Backlund turned down the offer, fearing that he would disappoint too many of his fans and wanted to set an example for his young daughter. Because Backlund relented, he was eventually phased out of the company and ultimately left in 1984. Once Backlund had left the WWF, the Rock N Wrestling era began and the company went from a regional territory to a national powerhouse. Almost a decade went by since Backlund had set foot in a WWF ring. In those eight years, so much changed in the business. Fans were not only becoming more fickle, but smarter as well. The lines between good and evil were just started to blur just a little bit. In 1992, the World Wrestling Federation was struggling in its own right. Steroid and sex scandals began plaguing the company and business was dropping off fast.

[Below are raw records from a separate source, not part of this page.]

(* Fix $r\ge 2$ and $\epsilon>0$. For all sufficiently large $k$, in the random coloring of $[1,M_\epsilon]$ described in the context, the probability that there exists a bad $t$-term arithmetic progression in $[1,M_\epsilon]$ with common difference greater than $b$ is at most $\frac12$.
   Context: Ascending wave: positive integers $w_1<\dots<w_n$ with $w_{i+1}-w_i\ge w_i-w_{i-1}$ for $2\le i\le n-1$; $AW(k;r)$ is the least $N$ such that every $r$-coloring of $\{1,\dots,N\}$ has a monochromatic $k$-term ascending wave. Non-integer quantities used as integers are rounded down; $\log=\log_2$. Fix $r\ge2$, $\epsilon>0$, and $k$. Let $K=\lfloor k/(10(4r-4))\rfloor$, $b=AW(K;r-1)-1$, and $M_\epsilon=\lfloor k^{2r-1-\epsilon}/(2^{r-1}(40r)^{r^2-1})\rfloor$. For each $i\in\{0,\dots,r-1\}$ fix a coloring $\gamma_i$ of $\{1,\dots,b\}$ with colors from $\{0,\dots,r-1\}\setminus\{i\}$ having no monochromatic $K$-term ascending wave. Let $A$ be the $r^2\times 2r$ matrix with rows indexed by pairs $(j,i)$, $j\in\{0,\dots,r-1\}$, $i\in\{1,\dots,r\}$, whose row $(j,i)$ has entry $(m+j)\bmod r$ in position $2m+1$ and entry $(i+m-1+j)\bmod r$ in position $2m+2$, for $m=0,\dots,r-1$. Partition $[1,M_\epsilon]$ into consecutive blocks $B_1,B_2,\dots$ of $b$ integers each (the last possibly partial), and group the blocks into consecutive groups of $2r$ blocks. For each group independently, choose a row $(s_1,\dots,s_{2r})$ of $A$ uniformly at random, give the $l$-th block of the group the label $s_l$, and color it by $\gamma_{s_l}$ (translated to that block). An arithmetic progression $x_1<\dots<x_t$ is good if for every $c\in\{0,\dots,r-1\}$ there is a term $x_i$ lying in a block $B_j$ such that $B_j$ and $B_{j+1}$ both have label $c$; otherwise it is bad. Here $t=\frac{(4r-2)(2r+1)}{\log(r^2/(r^2-1))}\log k+\frac{(2r+1)(\log r+1)}{\log(r^2/(r^2-1))}$. *)

From Stdlib Require Import Reals ClassicalDescription.
From mathcomp Require Import all_boot.

Set Implicit Arguments.
Unset Strict Implicit.
Unset Printing Implicit Defensive.

Definition pb (P : Prop) : bool :=
  if excluded_middle_informative P then true else false.

Definition asc_wave (w : nat -> nat) (n : nat) : Prop :=
  (forall i, 1 <= i <= n -> 1 <= w i) /\
  (forall i, 1 <= i < n -> w i < w i.+1) /\
  (forall i, 2 <= i <= n - 1 -> w i - w i.-1 <= w i.+1 - w i).

Definition AW_prop (k r N : nat) : Prop :=
  forall c : nat -> 'I_r, exists w : nat -> nat,
    asc_wave w k /\ (forall i, 1 <= i <= k -> w i <= N) /\
    (forall i j, 1 <= i <= k -> 1 <= j <= k -> c (w i) = c (w j)).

Vince McMahon was throwing anything and everything against the wall to see what would stick. He made a call to Backlund to see if he was interested in making a comeback. After meeting with Vince, Backlund decided to give the WWF one more run. He was still using the same old goody two shoes gimmick from the 70’s and 80’s, but in the 1990’s it just wasn’t clicking with fans. Backlund was feeling like time had passed him by and for the most part, it did. Fans never gave him a good reaction to his scientific matches. They also started chanting boring for some of them as well. Bob wasn’t going to give up on this comeback so easily. According to him, he was the one who approached McMahon this time about tweaking his character. Backlund suggested turning himself heel and trying that. Bob Backlund still wanted to preserve his character’s moral values.

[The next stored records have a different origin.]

Lemma no_gliding_hump : False.
Proof.
have [x Hx x_cluster] := H_cluster (hump_in hump).
have [N x_small] := setint_small_on_tail Hx.
have [s s_prop] := diagonal_subsequence N x_cluster.
have s_incr j k : (j < k)%N -> (s j < s k)%N by have [_ + _] := s_prop k; apply.
have s_ge k : (k <= s k)%N.
  by elim: k => // k IH; exact: leq_ltn_trans IH (s_incr _ _ (ltnSn k)).
have [x' Hx' x'_cluster] := H_cluster (fun n => hump_in hump (s n)).
have [m x'_small] := setint_small_on_tail Hx'.
pose U := \bigcup_(j in [set j | (m <= j)%N]) D (s j).
have mU : measurable U by apply: bigcup_measurable => j _; exact: mD.
have [k mk close_x'] := x'_cluster 0%N (fun=> U) (fun=> mU) c c_gt0 m.
have {}close_x' := close_x' 0%N (leqnn 0).
have [_ _ /(_ m mk) close_x] := s_prop k.
pose V := \bigcup_(j in [set j | (k < j)%N]) D (s j).
have U_split := Rintegral_hump_split s_incr mk (H_int (hump_in hump (s k))).
have V_small : `|\int[mu]_(y in V) h (s k) y| < c.
  apply: (hump_later_small hump).
    by apply: bigcup_measurable => j _; exact: mD.
  by move=> y [j /= kj Dy]; exists (s j) => //; exact: s_incr.
have block_small : `|\int[mu]_(y in block s m k) x y| < c.
  apply: x_small => // y [j /= _ Dy]; exists (s j) => //.
  by have [] := s_prop j.
have U_small : `|\int[mu]_(y in U) x' y| < c.
  apply: x'_small => // y [j /= mj Dy]; exists (s j) => //.
  exact: leq_trans mj (s_ge j).
(* By the choice of [k], [\int_U h (s k) < 2 c]; by the decomposition it
   exceeds [- 2 c + 5 c - c]. *)
have := hump_large hump (s k); move: close_x' close_x V_small block_small U_small.
rewrite U_split !ltr_norml; lra.
Qed.

End no_gliding_hump.

Section gliding_hump_construction.
Context d (T : measurableType d) (R : realType) (mu : {measure set T -> \bar R}).
Variables (H : set (T -> R)) (c : R).
Hypothesis c_gt0 : 0 < c.
Hypothesis H_int : forall y, H y -> mu.-integrable setT (EFin \o y).

Section disjointify.
Variables (h : nat -> T -> R) (E : nat -> set T).
Hypothesis h_in : forall k, H (h k).
Hypothesis mE : forall k, measurable (E k).
Hypothesis E_large : forall k, 6 * c < \int[mu]_(x in E k) h k x.
Hypothesis E_later_small : forall k A, measurable A -> A `<=` tail_union E k.+1 ->
  `|\int[mu]_(x in A) h k x| < c.
Hypothesis E_tail_vanish : forall r : R, 0 < r ->
  exists n, (mu (tail_union E n) < r%:E)%E.

Lemma gliding_hump_disjointify :
  gliding_hump mu H c h (fun k => E k `\` tail_union E k.+1).
Proof.
have mT n : measurable (tail_union E n) by exact: tail_union_measurable.
have mD k : measurable (E k `\` tail_union E k.+1) by exact: measurableD.
have tailD n : tail_union (fun k => E k `\` tail_union E k.+1) n `<=` tail_union E n.
  by move=> x [j /= nj [Ejx _]]; exists j.
split => //.
- apply: ltn_trivIset => j n nj; apply/seteqP; split => // x [[_ notTx] [Ejx _]].
  by apply: notTx; exists j.
- move=> k; have Ek_split :
      E k = (E k `\` tail_union E k.+1) `|` (E k `&` tail_union E k.+1).
    by rewrite setDE -setIUr setUCl setIT.
  have mI := measurableI _ _ (mE k) (mT k.+1).
  have := E_large k; rewrite {1}Ek_split Rintegral_setU //; last 2 first.
  + by rewrite -Ek_split; exact: integrableS (H_int (h_in k)).
  + by apply/disj_set2P/seteqP; split => // x [[_ ?] [_ ?]].
  have := E_later_small mI (@subIsetr _ _ _).
  by rewrite ltr_norml; lra.
- move=> k A mA AD; exact: E_later_small mA (subset_trans AD (tailD _)).
- move=> r /E_tail_vanish[n muE]; exists n; apply: le_lt_trans muE.
  by apply: le_measure (tailD n); rewrite inE; exact: tail_union_measurable.
Qed.

End disjointify.

Hypothesis large_on_small_sets : forall r : R, 0 < r ->
  exists2 y, H y & exists2 A, measurable A &
    (mu A < r%:E)%E /\ 6 * c < \int[mu]_(x in A) y x.

Let small_set_picker : exists pick : R -> (T -> R) * set T, forall r, 0 < r ->
  [/\ H (pick r).1, measurable (pick r).2, (mu (pick r).2 < r%:E)%E &
       6 * c < \int[mu]_(x in (pick r).2) (pick r).1 x].
Proof.
have /choice[pick pickP] : forall r : R, exists p : (T -> R) * set T, 0 < r ->
    [/\ H p.1, measurable p.2, (mu p.2 < r%:E)%E &
         6 * c < \int[mu]_(x in p.2) p.1 x].
  move=> r; have [r_gt0|] := pselect (0 < r); last by exists (0, set0).
  by have [y Hy [A mA [muA yA]]] := large_on_small_sets r_gt0; exists (y, A).
by exists pick.
Qed.

Let abs_continuity_modulus : exists delta : (T -> R) -> R, forall y, H y ->
  0 < delta y /\ forall A, measurable A -> (mu A < (delta y)%:E)%E ->
    \int[mu]_(x in A) `|y x| < c.
Proof.
have /choice[delta deltaP] : forall y : T -> R, exists r : R, H y ->
    0 < r /\ forall A, measurable A -> (mu A < r%:E)%E ->
      \int[mu]_(x in A) `|y x| < c.
  move=> y; have [Hy|] := pselect (H y); last by exists 0.
  by have [r [r_gt0 y_ac]] := integral_normr_continuous (H_int Hy) c_gt0; exists r.
by exists delta.
Qed.

Lemma large_set_integrals_sequence : exists h E, [/\ forall k, H (h k),
  forall k, measurable (E k), forall k, 6 * c < \int[mu]_(x in E k) h k x,
  forall k A, measurable A -> A `<=` tail_union E k.+1 ->
    `|\int[mu]_(x in A) h k x| < c &
  forall r : R, 0 < r -> exists n, (mu (tail_union E n) < r%:E)%E].
Proof.
have [pick pickP] := small_set_picker.
have [delta deltaP] := abs_continuity_modulus.
(* [rho k] bounds the measure of the tail of (E j) from [k] on, and [rho k.+1]
   lies below the absolute-continuity modulus of [h k], so [h k] is small on
   every later [E j]; halving at each step makes the tails vanish. *)
pose rho := fix rho k := if k is k'.+1 then
  Num.min (rho k') (delta (pick (rho k' / (2 ^ k'.+1)%:R)).1) / 2 else 1.
pose h k := (pick (rho k / (2 ^ k.+1)%:R)).1.
pose E k := (pick (rho k / (2 ^ k.+1)%:R)).2.
have rhoS k : rho k.+1 = Num.min (rho k) (delta (h k)) / 2 by [].
have weight_gt0 k (r : R) : 0 < r -> 0 < r / (2 ^ k.+1)%:R.
  by move=> r_gt0; rewrite divr_gt0 // ltr0n expn_gt0.
have rho_gt0 k : 0 < rho k.
  elim: k => // k IH; rewrite rhoS divr_gt0 // lt_min IH.
  have [Hh _ _ _] := pickP _ (weight_gt0 k _ IH).
  by have [] := deltaP _ Hh.
have pickPk k := pickP _ (weight_gt0 k _ (rho_gt0 k)).
have mE k : measurable (E k) by have [] := pickPk k.
have rho_lt k : rho k.+1 < Num.min (rho k) (delta (h k)).
  have [Hh _ _ _] := pickPk k; have [delta_gt0 _] := deltaP _ Hh.
  by rewrite rhoS ltr_pdivrMr // ltr_pMr ?ltr1n // lt_min rho_gt0.
have rho_le k j : (k <= j)%N -> rho j <= rho k.
  elim: j => [|j IH]; first by rewrite leqn0 => /eqP->.
  rewrite leq_eqVlt => /orP[/eqP->//|]; rewrite ltnS => /IH.
  by apply: le_trans; apply/ltW; apply: lt_le_trans (rho_lt j) _; rewrite ge_min lexx.
have rho_le_half n : rho n <= 1 / 2 ^+ n.
  elim: n => [|n IH]; first by rewrite expr0 divr1.
  rewrite rhoS exprS invfM mul1r mulrC ler_pM2l ?invr_gt0 //.
  by rewrite ge_min (le_trans IH) // mul1r.
have tail_le n : (mu (tail_union E n) <= (rho n)%:E)%E.
  apply: measure_tail_union_le => // [|j nj]; first exact/ltW/rho_gt0.
  have [_ _ muE _] := pickPk j; apply/ltW/(lt_le_trans muE).
  by rewrite lee_fin ler_pM2r ?invr_gt0 ?ltr0n ?expn_gt0 // rho_le.
exists h, E; split => [k|k|k|k A mA AE|r r_gt0].
- by have [] := pickPk k.
- exact: mE.
- by have [] := pickPk k.
- have [Hh _ _ _] := pickPk k; have [_ h_ac] := deltaP _ Hh.
  apply: le_lt_trans (le_normr_Rintegral mA (integrableS _ _ _ (H_int Hh))) _ => //.
  apply: (h_ac _ mA).
  have mT := tail_union_measurable k.+1 mE.
  apply: le_lt_trans (le_measure mu (mem_set mA) (mem_set mT) AE) _.
  apply: le_lt_trans (tail_le _) _; rewrite lte_fin.
  by apply: lt_le_trans (rho_lt k) _; rewrite ge_min lexx orbT.
- have [n _ n_large] := near_infty_natSinv_expn_lt (PosNum r_gt0).
  exists n; apply: le_lt_trans (tail_le n) _; rewrite lte_fin.
  exact: le_lt_trans (rho_le_half n) (n_large n (leqnn n)).
Qed.

End gliding_hump_construction.

Section uniform_integrability.
Context d (T : measurableType d) (R : realType).
Variables (mu : probability T R) (H : set (T -> R)) (C : R).
Hypothesis H_meas : forall h, H h -> measurable_fun setT h.
Hypothesis H_bound : forall h, H h -> (\int[mu]_x (`|h x|)%:E <= C%:E)%E.
Hypothesis H_opp : forall h, H h -> H (fun x => - h x).

Lemma bounded_integrable h : H h -> mu.-integrable setT (EFin \o h).
Proof.
move=> Hh; apply/integrableP; split; first exact/measurable_EFinP/H_meas.
by apply: le_lt_trans (H_bound Hh) (ltey _).
Qed.

Lemma markov_bound h (M : R) : H h -> 0 < M ->
  (M%:E * mu [set x | (M < h x)%R] <= C%:E)%E.
Proof.
move=> Hh M_gt0; have mE := measurable_ltr_set M (H_meas Hh).
rewrite -integral_cst //; apply: le_trans _ (H_bound Hh).
apply: le_trans _ (ge0_subset_integral mu mE measurableT _ _ (subsetT _)) => //.
- apply: ge0_le_integral => //.
  + by move=> x _; rewrite lee_fin ltW.
  + apply/measurable_EFinP; apply: measurableT_comp => //.
    exact: measurable_funS (H_meas Hh).
  + by move=> x Mx; rewrite lee_fin (le_trans (ltW Mx)) // ler_norm.
- by apply/measurable_EFinP; apply: measurableT_comp => //; exact: H_meas.
Qed.

Lemma uniformly_integrable_of_small_setint :
  (forall e : R, 0 < e -> exists2 r : R, 0 < r & forall h A, H h -> measurable A ->
     (mu A < r%:E)%E -> \int[mu]_(x in A) h x <= e) ->
  uniformly_integrable mu H.
Proof.
move=> small e e_gt0.
have [r r_gt0 r_small] := small (e / 2) (divr_gt0 e_gt0 (ltr0Sn _ 1)).
pose M := (`|C| + 1) / r.
have M_gt0 : 0 < M by rewrite divr_gt0 // ltr_pwDr.
have tail_small g : H g -> (mu [set x | (M < g x)%R] < r%:E)%E.
  move=> Hg; have mE := measurable_ltr_set M (H_meas Hg).
  have := markov_bound Hg M_gt0.
  rewrite -(fineK (fin_num_measure mu _ mE)) -EFinM !lee_fin lte_fin => markov.
  rewrite ltNge; apply/negP => r_le; have := ler_wpM2l (ltW M_gt0) r_le.
  have : M * r = `|C| + 1 by rewrite divfK ?gt_eqF.
  by have := ler_norm C; lra.
exists M => h Hh; have h_int := bounded_integrable Hh.
have mA : measurable [set x | M < `|h x|].
  by apply: measurable_ltr_set; apply: measurableT_comp => //; exact: H_meas.
rewrite -[leLHS]fineK; last first.
  apply: integrable_fin_num => //.
  exact: integrableS (integrable_norm h_int).
rewrite lee_fin -/(Rintegral mu _ (fun x => `|h x|)).
rewrite (Rintegral_normr_gt_split h_int (ltW M_gt0)).
have pos := r_small _ _ Hh (measurable_ltr_set M (H_meas Hh)) (tail_small _ Hh).
have neg := r_small _ _ (H_opp Hh)
  (measurable_ltr_set M (H_meas (H_opp Hh))) (tail_small _ (H_opp Hh)).
by move: pos neg; lra.
Qed.

End uniform_integrability.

He suggested to Vince that character would become disillusioned by all the fans not respecting his good, clean image. That it was the fans that turned on him and would just simply become a character who would push his morals on everyone else. That way, while acting as a heel, he could still in his mind be a babyface that was just being rejected by the people around him. Vince apparently loved the idea and a program was starting to be built up around him. Backlund would amass a long winning streak that would finally culminate with Backlund challenging then WWF champion Bret Hart to a face vs face title match. The match was dubbed “The Old Generation Vs The New Generation” and the match itself was simply a pure wrestling match. The culmination of it had Backlund pinning Bret for a 2 count and immediately Backlund started celebrating thinking the referee has counted three. As the referee was trying to explain to Backlund that he only counted two, Hart rolled him up for a three, retaining the title.

After the match, Bret Hart stuck out his hand to shake Backlund’s in a display of respect. Instead of Bob doing what the fans expected him to usually do and shake his hand and walk off into the sunset, he snapped and attacked Hart. He applied his cross face chicken wing submission and refused to let go of it. After releasing the move, Backlund just stared into his own hands wide-eyed as if he couldn’t believe what he had just done.

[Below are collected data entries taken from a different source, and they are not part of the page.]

(* Let $f:G\to H$ be a group homomorphism. Then $\mathrm{sec}(f)\leq \sigma(\mathfrak{L}(f))$, and equality holds whenever the poset $\mathfrak{L}(f)$ is Noetherian (for example, when $H$ is finite or, more generally, Noetherian).
   Context: For a subgroup $L\le H$, a local section of $f$ on $L$ is a homomorphism $s:L\to G$ with $f\circ s=\mathrm{incl}_L$. The sectional number $\mathrm{sec}(f)$ is the least positive integer $m$ such that there exist proper subgroups $H_1,\ldots,H_m$ of $H$ with $H=H_1\cup\cdots\cup H_m$ and such that $f$ admits a local section on each $H_i$; $\mathrm{sec}(f)=\infty$ if no such $m$ exists. $\mathfrak{L}(f)$ is the poset, ordered by inclusion, of all proper subgroups of $H$ on which $f$ admits a local section. For a poset $P$ whose elements are subsets of a fixed set $X$ (here $X=H$), $\sigma(P)$ is the least positive integer $m$ such that there exist maximal elements $M_1,\ldots,M_m$ of $P$ with $X=M_1\cup\cdots\cup M_m$ ($\infty$ if none). A poset is Noetherian if every ascending chain $x_1\le x_2\le\cdots$ eventually stabilizes. *)

From mathcomp Require Import all_boot.
From Stdlib Require Import ClassicalDescription.
From mathcomp Require Import all_boot.

Set Implicit Arguments.
Unset Strict Implicit.
Unset Printing Implicit Defensive.

Record group := Group {
  gcar :> Type;
  gmul : gcar -> gcar -> gcar;
  gone : gcar;
  ginv : gcar -> gcar;
  gmulA : forall x y z, gmul x (gmul y z) = gmul (gmul x y) z;
  gmul1 : forall x, gmul gone x = x;
  gmulg1 : forall x, gmul x gone = x;
  gmulV : forall x, gmul (ginv x) x = gone;
  gmulgV : forall x, gmul x (ginv x) = gone
}.

Arguments gmul {g} _ _.
Arguments gone {g}.
Arguments ginv {g} _.

Definition is_hom (G H : group) (f : G -> H) : Prop :=
  forall x y : G, f (gmul x y) = gmul (f x) (f y).

Definition subset (X : Type) (A B : X -> Prop) : Prop := forall x, A x -> B x.

Definition is_subgroup (H : group) (L : H -> Prop) : Prop :=
  [/\ L gone, (forall x y, L x -> L y -> L (gmul x y)) & (forall x, L x -> L (ginv x))].

Definition is_proper_subgroup (H : group) (L : H -> Prop) : Prop :=
  is_subgroup L /\ exists x, ~ L x.

(* A local section of f on the subgroup L: a homomorphism s : L -> G
   (L viewed as the subtype {x | L x}, with the induced multiplication)
   such that f (s u) = u for all u in L. *)
Definition local_section (G H : group) (f : G -> H) (L : H -> Prop)
    (s : {x : H | L x} -> G) : Prop :=
  (forall u v w : {x : H | L x},
      proj1_sig w = gmul (proj1_sig u) (proj1_sig v) -> s w = gmul (s u) (s v))
  /\ (forall u, f (s u) = proj1_sig u).

Definition has_local_section (G H : group) (f : G -> H) (L : H -> Prop) : Prop :=
  exists s, @local_section G H f L s.

(* Extended naturals N u {oo}: None stands for oo. *)
Definition le_ext (a b : option nat) : Prop :=
  match b with
  | None => True
  | Some n => match a with Some m => m <= n | None => False end
  end.

Definition boolP_of (P : nat -> Prop) : pred nat :=
  fun m => if excluded_middle_informative (P m) then true else false.

Lemma boolP_ofP (P : nat -> Prop) m : P m -> boolP_of P m.
Proof. by rewrite /boolP_of; case: excluded_middle_informative. Qed.

Definition ext_min (P : nat -> Prop) : option nat :=
  match excluded_middle_informative (exists m, P m) with
  | left h => Some (ex_minn (let: ex_intro m hm := h in ex_intro _ m (boolP_ofP hm)))
  | right _ => None
  end.

Definition sec_cover (G H : group) (f : G -> H) (m : nat) : Prop :=
  0 < m /\ exists Hs : 'I_m -> (H -> Prop),
    (forall i, is_proper_subgroup (Hs i) /\ has_local_section f (Hs i))
    /\ (forall x : H, exists i, Hs i x).

Definition sec (G H : group) (f : G -> H) : option nat := ext_min (sec_cover f).

Definition Lf (G H : group) (f : G -> H) : (H -> Prop) -> Prop :=
  fun L => is_proper_subgroup L /\ has_local_section f L.

Definition maximal_in (X : Type) (P : (X -> Prop) -> Prop) (M : X -> Prop) : Prop :=
  P M /\ forall N, P N -> subset M N -> subset N M.

Definition sigma_cover (X : Type) (P : (X -> Prop) -> Prop) (m : nat) : Prop :=
  0 < m /\ exists Ms : 'I_m -> (X -> Prop),
    (forall i, maximal_in P (Ms i)) /\ (forall x : X, exists i, Ms i x).

Definition sigma (X : Type) (P : (X -> Prop) -> Prop) : option nat :=
  ext_min (sigma_cover P).

Definition noetherian (X : Type) (P : (X -> Prop) -> Prop) : Prop :=
  forall c : nat -> (X -> Prop),
    (forall n, P (c n)) -> (forall n, subset (c n) (c n.+1)) ->
    exists N, forall n, N <= n -> subset (c n) (c N).

(* A sectional cover of H is exactly a cover of H by members of L(f), while sigma
   counts covers by maximal members of L(f); hence sec(f) <= sigma(L(f)).
   Conversely, in a Noetherian poset every element lies below a maximal one
   (iterate strict enlargement; the chain must stabilise), so each piece of a
   sectional cover can be enlarged to a maximal member of L(f) without changing
   the number of pieces. *)
From Pilot Require Import Defs.
From mathcomp Require Import all_boot.
From Stdlib Require Import Classical ClassicalDescription IndefiniteDescription.

Set Implicit Arguments.
Unset Strict Implicit.
Unset Printing Implicit Defensive.

Lemma ext_minP (P : nat -> Prop) : (exists m, P m) ->
  exists k, [/\ ext_min P = Some k, P k & forall m, P m -> k <= m].
Proof.
rewrite /ext_min; case: excluded_middle_informative => // -[m Pm] _ /=.
case: ex_minnP => k Pk kmin; exists k; split=> //.
  by move: Pk; rewrite /boolP_of; case: excluded_middle_informative.
by move=> j /boolP_ofP; apply: kmin.
Qed.

Lemma ext_minN (P : nat -> Prop) : ~ (exists m, P m) -> ext_min P = None.
Proof. by rewrite /ext_min; case: excluded_middle_informative. Qed.

Lemma le_ext_min (P Q : nat -> Prop) :
  (forall m, Q m -> P m) -> le_ext (ext_min P) (ext_min Q).
Proof.
move=> QP; have [[m Qm]|noQ] := classic (exists m, Q m); last first.
  by rewrite (ext_minN noQ).
have [k [-> Qk _]] := ext_minP (ex_intro _ m Qm).
by have [j [-> _ jmin]] := ext_minP (ex_intro _ k (QP k Qk)); exact/jmin/QP.
Qed.

Lemma le_ext_anti (a b : option nat) : le_ext a b -> le_ext b a -> a = b.
Proof.
by case: a b => [m|] [n|] //= mn nm; congr Some; apply/eqP; rewrite eqn_leq mn.
Qed.

Lemma eq_ext_min (P Q : nat -> Prop) :
  (forall m, P m <-> Q m) -> ext_min P = ext_min Q.
Proof. by move=> PQ; apply: le_ext_anti; apply: le_ext_min => m /PQ. Qed.

Section Covers.
Variable X : Type.

Definition cover_by (P : (X -> Prop) -> Prop) (m : nat) : Prop :=
  0 < m /\ exists Ms : 'I_m -> (X -> Prop),
    (forall i, P (Ms i)) /\ (forall x : X, exists i, Ms i x).

Definition covering_number (P : (X -> Prop) -> Prop) : option nat :=
  ext_min (cover_by P).

Lemma sigmaE (P : (X -> Prop) -> Prop) :
  sigma P = covering_number (maximal_in P).
Proof. by []. Qed.

Lemma maximal_in_mem (P : (X -> Prop) -> Prop) M : maximal_in P M -> P M.
Proof. by case. Qed.

Lemma noetherian_maximal_above (P : (X -> Prop) -> Prop) L :
  noetherian P -> P L -> exists M, maximal_in P M /\ Defs.subset L M.
Proof.
move=> noethP PL; apply: NNPP => noM.
have strict M : exists N, P M -> Defs.subset L M ->
    [/\ P N, Defs.subset M N & ~ Defs.subset N M].
  have [[PM LM]|notPLM] := classic (P M /\ Defs.subset L M); last first.
    by exists M => PM LM; case: notPLM.
  apply: NNPP => noN; apply: noM; exists M; split=> //; split=> // N PN MN.
  by apply: NNPP => NM; apply: noN; exists N.
have [next nextP] := functional_choice _ strict.
pose c n := iter n next L.
have chainP n : P (c n) /\ Defs.subset L (c n).
  elim: n => [|n [Pc Lc]]; first by split=> // x.
  by have [Pn cn _] := nextP _ Pc Lc; split=> // x /Lc /cn.
have [N stable] := noethP c (fun n => (chainP n).1)
  (fun n => let: And3 _ cn _ := nextP _ (chainP n).1 (chainP n).2 in cn).
have [_ _] := nextP _ (chainP N).1 (chainP N).2; apply.
exact: (stable N.+1).
Qed.

Lemma sub_cover_by (P Q : (X -> Prop) -> Prop) m :
  (forall M, P M -> Q M) -> cover_by P m -> cover_by Q m.
Proof.
move=> PQ [m0 [Ms [PMs cov]]]; split=> //.
by exists Ms; split=> // i; apply/PQ/PMs.
Qed.

Lemma cover_by_maximal (P : (X -> Prop) -> Prop) m :
  noetherian P -> cover_by P m -> cover_by (maximal_in P) m.
Proof.
move=> noethP [m0 [Ms [PMs cov]]]; split=> //.
have [Mx MxP] := functional_choice _
  (fun i => noetherian_maximal_above noethP (PMs i)).
exists Mx; split=> [i|x]; first exact: (MxP i).1.
by have [i Msx] := cov x; exists i; apply: (MxP i).2.
Qed.

Lemma covering_number_le_sigma (P : (X -> Prop) -> Prop) :
  le_ext (covering_number P) (sigma P).
Proof.
rewrite sigmaE; apply: le_ext_min => m.
by apply: sub_cover_by; apply: maximal_in_mem.
Qed.

Lemma noetherian_sigma (P : (X -> Prop) -> Prop) :
  noetherian P -> sigma P = covering_number P.
Proof.
move=> noethP; rewrite sigmaE; apply: eq_ext_min => m; split.
  by apply: sub_cover_by; apply: maximal_in_mem.
exact: cover_by_maximal.
Qed.

End Covers.

Lemma secE (G H : group) (f : G -> H) : sec f = covering_number (Lf f).
Proof. by []. Qed.

Theorem theorem3p12 (G H : group) (f : G -> H) (hf : is_hom f) :
  le_ext (sec f) (sigma (Lf f)) /\
  (noetherian (Lf f) -> sec f = sigma (Lf f)).
Proof.
rewrite secE; split; first exact: covering_number_le_sigma.
by move=> /noetherian_sigma ->.
Qed.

It was the beginning of a new chapter in Bob Backlund’s career, that of a heel. The fans were booing, screaming and going crazy as if this is what they had been waiting for for the last 20 years from him. The fans finally had an excuse to hate Bob Backlund. The heat for the heel turn was so impressive…it sparked an idea from McMahon. Inspired by the shocking comeback of a 45-year-old boxer named George Foreman winning the world title, McMahon wanted his own Foreman moment.

In the meantime, Bob would solidify his heel status by randomly attacking WWF personnel, announcer Jim Ross and even his own former manager Arnold Skaaland. Backlund blamed Skaaland for throwing in the towel in his match against the Iron Sheik back in 1983 and costing him his WWF title. Bob Backlund was easily becoming the hottest heel in the WWF at the ripe old age of 45.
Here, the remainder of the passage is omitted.